[Start of section]

Lemma sum_undup_support (t : seq (F * V)) :
  \sum_(x <- undup (map snd t)) (\sum_(p <- t | p.2 == x) p.1) *: x =
  \sum_(p <- t) p.1 *: p.2.
Proof.
under eq_bigr => x _ do rewrite scaler_suml big_mkcond.
rewrite exchange_big /= big_seq [RHS]big_seq; apply: eq_bigr => p pt.
have pin : p.2 \in undup (map snd t) by rewrite mem_undup; apply: map_f.
rewrite (bigD1_seq _ pin (undup_uniq _)) /= eqxx big1 ?addr0 // => x.
by rewrite eq_sym => /negbTE->.
Qed.

Lemma spanp_uniq S v : spanp S v -> exists s (c : V -> F),
  [/\ uniq s, forall x, x \in s -> S x & v = \sum_(x <- s) c x *: x].
Proof.
case=> t [tS ->]; exists (undup (map snd t)), (fun x => \sum_(p <- t | p.2 == x) p.1).
split; [exact: undup_uniq| |by rewrite sum_undup_support].
by move=> x; rewrite mem_undup => /mapP[p pt ->]; exact: tS.
Qed.

Lemma spanE S : Defs.span S = spanp S.
Proof.
apply/seteqP; split=> v.
  case=> s [c [sS ->]]; exists (map (fun x => (c x, x)) s); split.
    by move=> p /mapP[x xs ->]; exact: sS.
  by rewrite big_map.
by move=> /spanp_uniq[s [c [_ sS ->]]]; exists s, c.
Qed.

Lemma spanp0 S : spanp S 0.
Proof. by exists [::]; rewrite big_nil. Qed.

Lemma spanpD S x y : spanp S x -> spanp S y -> spanp S (x + y).
Proof.
case=> t1 [t1S ->] [t2 [t2S ->]]; exists (t1 ++ t2); rewrite big_cat; split => //.
by move=> p; rewrite mem_cat => /orP[/t1S|/t2S].
Qed.

Lemma spanpZ S (a : F) x : spanp S x -> spanp S (a *: x).
Proof.
case=> t [tS ->]; exists (map (fun p => (a * p.1, p.2)) t); split.
  by move=> p /mapP[q qt ->] /=; exact: tS.
by rewrite big_map scaler_sumr; apply: eq_bigr => p _; rewrite scalerA.
Qed.

Lemma sub_spanp S : S `<=` spanp S.
Proof.
move=> x Sx; exists [:: (1, x)]; rewrite big_seq1 scale1r; split => //.
by move=> p; rewrite inE => /eqP->.
Qed.

Lemma spanp_sum S (I : eqType) (r : seq I) (G : I -> V) :
  (forall i, i \in r -> spanp S (G i)) -> spanp S (\sum_(i <- r) G i).
Proof.
elim: r => [|i r IH] rS; first by rewrite big_nil; exact: spanp0.
rewrite big_cons; apply: spanpD; first by apply: rS; rewrite inE eqxx.
by apply: IH => j jr; apply: rS; rewrite inE jr orbT.
Qed.

Lemma spanp_subspace S : subspace (spanp S).
Proof. by split; [exact: spanp0|split=> [x y|a x]; [exact: spanpD|exact: spanpZ]]. Qed.

Lemma spanp_sub_subspace S W : subspace W -> S `<=` W -> spanp S `<=` W.
Proof.
case=> W0 [WD WZ] SW v [t [tS ->]].
elim: t tS => [|p t IH] tS; first by rewrite big_nil.
rewrite big_cons; apply: WD; first by apply/WZ/SW/tS; rewrite inE eqxx.
by apply: IH => q qt; apply: tS; rewrite inE qt orbT.
Qed.

Lemma spanp_closed S S' : S `<=` spanp S' -> spanp S `<=` spanp S'.
Proof. exact: spanp_sub_subspace (spanp_subspace S'). Qed.

Lemma spanpS S S' : S `<=` S' -> spanp S `<=` spanp S'.
Proof. by move=> SS'; apply: spanp_closed => x /SS'; exact: sub_spanp. Qed.

Lemma spanpU A B v :
  spanp (A `|` B) v -> exists a b, [/\ spanp A a, spanp B b & v = a + b].
Proof.
case=> t [tAB ->]; pose inA (p : F * V) := `[< A p.2 >].
exists (\sum_(p <- t | inA p) p.1 *: p.2), (\sum_(p <- t | ~~ inA p) p.1 *: p.2).
split; last by rewrite [LHS](bigID inA).
- exists [seq p <- t | inA p]; rewrite big_filter; split => // p.
  by rewrite mem_filter => /andP[/asboolP].
- exists [seq p <- t | ~~ inA p]; rewrite big_filter; split => // p.
  by rewrite mem_filter => /andP[/asboolPn nA /tAB[]].
Qed.

Lemma lin_indep0 : lin_indep (@set0 V).
Proof. by move=> s c _ s0 _ x /s0. Qed.

Lemma lin_indepS A B : A `<=` B -> lin_indep B -> lin_indep A.
Proof. by move=> AB iB s c us sA; apply: iB => // x /sA /AB. Qed.

Lemma lin_indep_neq0 A : lin_indep A -> ~ A 0.
Proof.
move=> iA A0; have /eqP : (1 : F) = 0.
  apply: (iA [:: 0] (fun=> 1) erefl _ _ 0 (mem_head _ _)).
    by move=> x; rewrite inE => /eqP->.
  by rewrite big_seq1 scaler0.
by rewrite oner_eq0.
Qed.

Lemma lin_indep_spanpI A B : lin_indep (A `|` B) -> A `&` B = set0 ->
  spanp A `&` spanp B `<=` [set 0].
Proof.
move=> iAB AB0 x [/spanp_uniq[s [a [us sA xE]]] /spanp_uniq[r [b [ur rB xE']]]].
have sr y : y \in r -> y \notin s.
  by move=> /rB By; apply/negP => /sA Ay; have : (A `&` B) y by []; rewrite AB0.
pose c y := if y \in s then a y else - b y.
have c0 : forall y, y \in s ++ r -> c y = 0.
  apply: (iAB _ c).
  - by rewrite cat_uniq us ur andbT; apply/hasPn => y /sr.
  - by move=> y; rewrite mem_cat => /orP[/sA|/rB]; [left|right].
  rewrite big_cat /= (eq_big_seq (fun y => a y *: y)) -?xE; last first.
    by move=> y ys; rewrite /c ys.
  rewrite (eq_big_seq (fun y => - (b y *: y))) ?sumrN -?xE' ?subrr // => y yr.
  by rewrite /c (negbTE (sr y yr)) scaleNr.
rewrite xE /= big_seq big1 // => y ys.
by have := c0 y; rewrite mem_cat ys /c ys => ->; rewrite ?scale0r.
Qed.

Lemma lin_indep_notin_spanp A q : lin_indep A -> A q -> ~ spanp (A `\ q) q.
Proof.
move=> iA Aq qAq; apply: (lin_indep_neq0 iA).
have q0 : q = 0.
  apply: (@lin_indep_spanpI [set q] (A `\ q)); last by split => //; exact: sub_spanp.
  - by rewrite setDUK // => _ ->.
  - exact: setDIK.
by rewrite -q0.
Qed.

Lemma lin_indepU1 A y : lin_indep A -> ~ spanp A y -> lin_indep (A `|` [set y]).
Proof.
move=> iA nAy s c us sAy s0.
have [ys|nys] := boolP (y \in s); last first.
  apply: iA => // x xs; case: (sAy x xs) => // xy.
  by move: nys; rewrite -xy xs.
have remA x : x \in rem y s -> A x.
  rewrite mem_rem_uniq // inE => /andP[xy xs].
  by case: (sAy x xs) => // /eqP; rewrite (negbTE xy).
move: s0; rewrite (big_rem y ys) => s0.
have cy : c y = 0.
  apply: contra_notP nAy => /eqP cy0.
  have -> : y = - (c y)^-1 *: \sum_(x <- rem y s) c x *: x.
    apply: (scalerI cy0); rewrite scalerA mulrN divff // scaleN1r.
    by apply/eqP; rewrite -addr_eq0 s0.
  by apply/spanpZ/spanp_sum => x xr; apply/spanpZ/sub_spanp/remA.
move: s0; rewrite cy scale0r /= add0r => s0 x xs.
have [-> //|xy] := eqVneq x y.
by apply: (iA _ _ (rem_uniq _ us) remA s0); rewrite mem_rem_uniq // inE xy.
Qed.

Lemma extend_basis J S : lin_indep J -> exists M,
  [/\ J `<=` M, M `<=` J `|` S, lin_indep M & S `<=` spanp M].
Proof.
move=> iJ.
have [Fm FP tot|X [[XS iX] Xmax]] :=
    @Zorn_bigcup V [set X | X `<=` S /\ lin_indep (J `|` X)].
  split; first by move=> x [X /FP[XS _] /XS].
  have [->|/set0P Fm0] := eqVneq Fm set0; first by rewrite bigcup_set0 setU0.
  move=> s c us sJF; have [X FX Xs] := chain_bigcup_seq tot Fm0 sJF.
  by case: (FP X FX) => _ iX; apply: iX Xs.
exists (J `|` X); split => //; first by move=> x [Jx|/XS Sx]; [left|right].
move=> y Sy; apply: contrapT => nMy.
have XyS : X `|` [set y] `<=` S by move=> x [/XS|->].
have iXy : lin_indep (J `|` (X `|` [set y])) by rewrite setUA; apply: lin_indepU1.
apply: (Xmax _ _ (conj XyS iXy)).
split; first by move=> x Xx; left.
by move=> /(_ y (or_intror erefl)) Xy; apply: nMy; apply: sub_spanp; right.
Qed.

Lemma is_basisP W B : is_basis W B <-> [/\ B `<=` W, lin_indep B & spanp B = W].
Proof. by rewrite /is_basis spanE; split=> [[? []]|[]]. Qed.

Lemma extend_basis_spanp C S : lin_indep C -> C `<=` spanp S ->
  exists2 M, C `<=` M & is_basis (spanp S) M.
Proof.
move=> iC CS; have [M [CM MCS iM SM]] := extend_basis S iC.
have MS : M `<=` spanp S by move=> x /MCS[/CS|/sub_spanp].
exists M => //; apply/is_basisP; split => //.
by apply/seteqP; split; exact: spanp_closed.
Qed.

Lemma exists_complement (W K : set V) : subspace W -> subspace K ->
  exists W', [/\ subspace W', W' `<=` K, W `&` W' `<=` [set 0] &
    forall k, K k -> exists x y, [/\ W x, W' y & k = x + y]].
Proof.
move=> Wsub Ksub.
have [A [_ AW iA WA]] := extend_basis W lin_indep0.
have {}AW : A `<=` W by move=> x /AW[[]|].
have [M [AM MAK iM KM]] := extend_basis K iA.
have MAK' : M `\` A `<=` K by move=> x [/MAK[Ax /(_ Ax)|]].
exists (spanp (M `\` A)); split.
- exact: spanp_subspace.
- exact: spanp_sub_subspace.
- move=> x [/WA Ax MAx].
  by apply: (@lin_indep_spanpI A (M `\` A)) => //; [rewrite setDUK|exact: setDIK].
move=> k Kk; have /spanpU[a [b [Aa MAb ->]]] : spanp (A `|` M `\` A) k.
  by rewrite setDUK //; exact: KM.
by exists a, b; split => //; exact: spanp_sub_subspace Aa.
Qed.

End Span.

Section Dimension.
Variables (F : fieldType) (V : lmodType F).
Implicit Types (M P Z : set V).

Lemma lin_indep_supports M P : lin_indep M -> spanp M = spanp P ->
  exists supp : V -> seq V, M `<=` \bigcup_(p in P) [set` supp p].
Proof.
move=> iM MP.
have /choice[rep repP] : forall p, exists t : seq (F * V), P p ->
    (forall x, x \in t -> M x.2) /\ p = \sum_(x <- t) x.1 *: x.2.
  move=> p; have [Pp|nPp] := pselect (P p); last by exists [::].
  have [t tM] : spanp M p by rewrite MP; exact: sub_spanp.
  by exists t.
(* An element of M missing from every support would be spanned by the others. *)
exists (fun p => map snd (rep p)) => q Mq; apply: contrapT => nsupp_q.
apply: (lin_indep_notin_spanp iM Mq).
have P_Mq : P `<=` spanp (M `\ q).
  move=> p Pp; have [repM pE] := repP p Pp; exists (rep p); split => // x xp.
  split; first exact: repM.
  by move=> /= xq; apply: nsupp_q; exists p => //=; rewrite -xq; exact: map_f.
apply: (spanp_closed P_Mq); rewrite -MP; exact: sub_spanp.
Qed.

Lemma lin_indep_card_le_spanp M P : lin_indep M -> spanp M = spanp P ->
  infinite_set P -> M #<= P.
Proof.
move=> iM MP Pinf; have [supp Msupp] := lin_indep_supports iM MP.
exact: card_le_trans (subset_card_le Msupp) (card_bigcup_seq_le _ Pinf).
Qed.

[End of section]

*YOUR ASSIGNMENT*. When the line with "move=> iA Aq qAq; apply: (lin_indep_neq0 iA)." is reached in the data above, begin copying, and stop after the line with "Lemma lin_indepU1 A"; copy each line exactly, both ends included.

*SOLUTION TO THIS TASK*.
move=> iA Aq qAq; apply: (lin_indep_neq0 iA).
have q0 : q = 0.
  apply: (@lin_indep_spanpI [set q] (A `\ q)); last by split => //; exact: sub_spanp.
  - by rewrite setDUK // => _ ->.
  - exact: setDIK.
by rewrite -q0.
Qed.

Lemma lin_indepU1 A y : lin_indep A -> ~ spanp A y -> lin_indep (A `|` [set y]).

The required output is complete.